DATA TO PROCESS:
━━━━━━━━

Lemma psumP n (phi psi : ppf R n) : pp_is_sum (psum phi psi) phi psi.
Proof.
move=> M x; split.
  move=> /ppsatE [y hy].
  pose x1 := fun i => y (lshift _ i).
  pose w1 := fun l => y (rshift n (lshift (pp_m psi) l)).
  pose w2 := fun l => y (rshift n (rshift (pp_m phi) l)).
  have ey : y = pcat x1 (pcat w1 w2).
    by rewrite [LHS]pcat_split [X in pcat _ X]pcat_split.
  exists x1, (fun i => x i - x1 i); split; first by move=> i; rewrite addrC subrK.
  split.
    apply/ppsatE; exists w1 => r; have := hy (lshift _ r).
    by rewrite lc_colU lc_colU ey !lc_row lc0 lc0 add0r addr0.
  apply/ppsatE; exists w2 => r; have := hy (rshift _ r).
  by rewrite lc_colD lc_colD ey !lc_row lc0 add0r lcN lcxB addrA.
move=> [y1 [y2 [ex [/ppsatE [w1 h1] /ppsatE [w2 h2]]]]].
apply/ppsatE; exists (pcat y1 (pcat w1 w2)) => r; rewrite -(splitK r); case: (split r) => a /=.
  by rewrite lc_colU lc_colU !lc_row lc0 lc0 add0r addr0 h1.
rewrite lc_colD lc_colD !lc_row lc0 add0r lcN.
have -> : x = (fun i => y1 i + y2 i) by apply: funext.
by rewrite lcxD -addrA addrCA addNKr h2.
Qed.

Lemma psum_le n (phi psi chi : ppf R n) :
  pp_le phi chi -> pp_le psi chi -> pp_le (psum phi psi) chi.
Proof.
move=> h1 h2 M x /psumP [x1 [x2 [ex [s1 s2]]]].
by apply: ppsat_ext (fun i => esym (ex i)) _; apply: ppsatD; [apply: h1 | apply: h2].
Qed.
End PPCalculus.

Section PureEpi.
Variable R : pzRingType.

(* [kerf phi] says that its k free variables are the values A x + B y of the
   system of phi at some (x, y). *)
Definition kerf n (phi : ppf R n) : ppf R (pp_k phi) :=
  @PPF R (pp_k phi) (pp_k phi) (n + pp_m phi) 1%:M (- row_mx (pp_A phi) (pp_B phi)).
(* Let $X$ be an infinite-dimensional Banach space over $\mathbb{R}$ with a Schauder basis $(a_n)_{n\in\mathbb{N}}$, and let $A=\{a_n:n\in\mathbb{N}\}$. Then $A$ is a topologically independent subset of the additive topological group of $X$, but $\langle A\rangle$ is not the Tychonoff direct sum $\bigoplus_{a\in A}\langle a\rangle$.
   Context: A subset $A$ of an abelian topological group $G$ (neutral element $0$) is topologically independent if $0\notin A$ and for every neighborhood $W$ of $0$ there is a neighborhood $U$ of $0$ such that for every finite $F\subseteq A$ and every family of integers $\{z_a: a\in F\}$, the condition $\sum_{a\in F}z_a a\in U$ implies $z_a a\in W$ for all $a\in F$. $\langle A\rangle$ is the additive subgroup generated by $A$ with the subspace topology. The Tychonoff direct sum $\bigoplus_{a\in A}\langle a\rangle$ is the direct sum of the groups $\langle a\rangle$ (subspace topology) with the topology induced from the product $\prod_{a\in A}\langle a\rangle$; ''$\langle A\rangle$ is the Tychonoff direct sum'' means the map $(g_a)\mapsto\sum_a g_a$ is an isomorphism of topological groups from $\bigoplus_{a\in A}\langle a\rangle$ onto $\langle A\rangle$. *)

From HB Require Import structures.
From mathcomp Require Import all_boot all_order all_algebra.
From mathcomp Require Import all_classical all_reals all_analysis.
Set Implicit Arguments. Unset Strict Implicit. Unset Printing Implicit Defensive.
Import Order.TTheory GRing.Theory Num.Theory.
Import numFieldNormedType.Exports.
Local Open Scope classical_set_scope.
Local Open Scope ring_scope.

━━━━━━━━

Work out how many lines in the entries above include the word "lshift". Respond with only the number.

WORKED SOLUTION: 3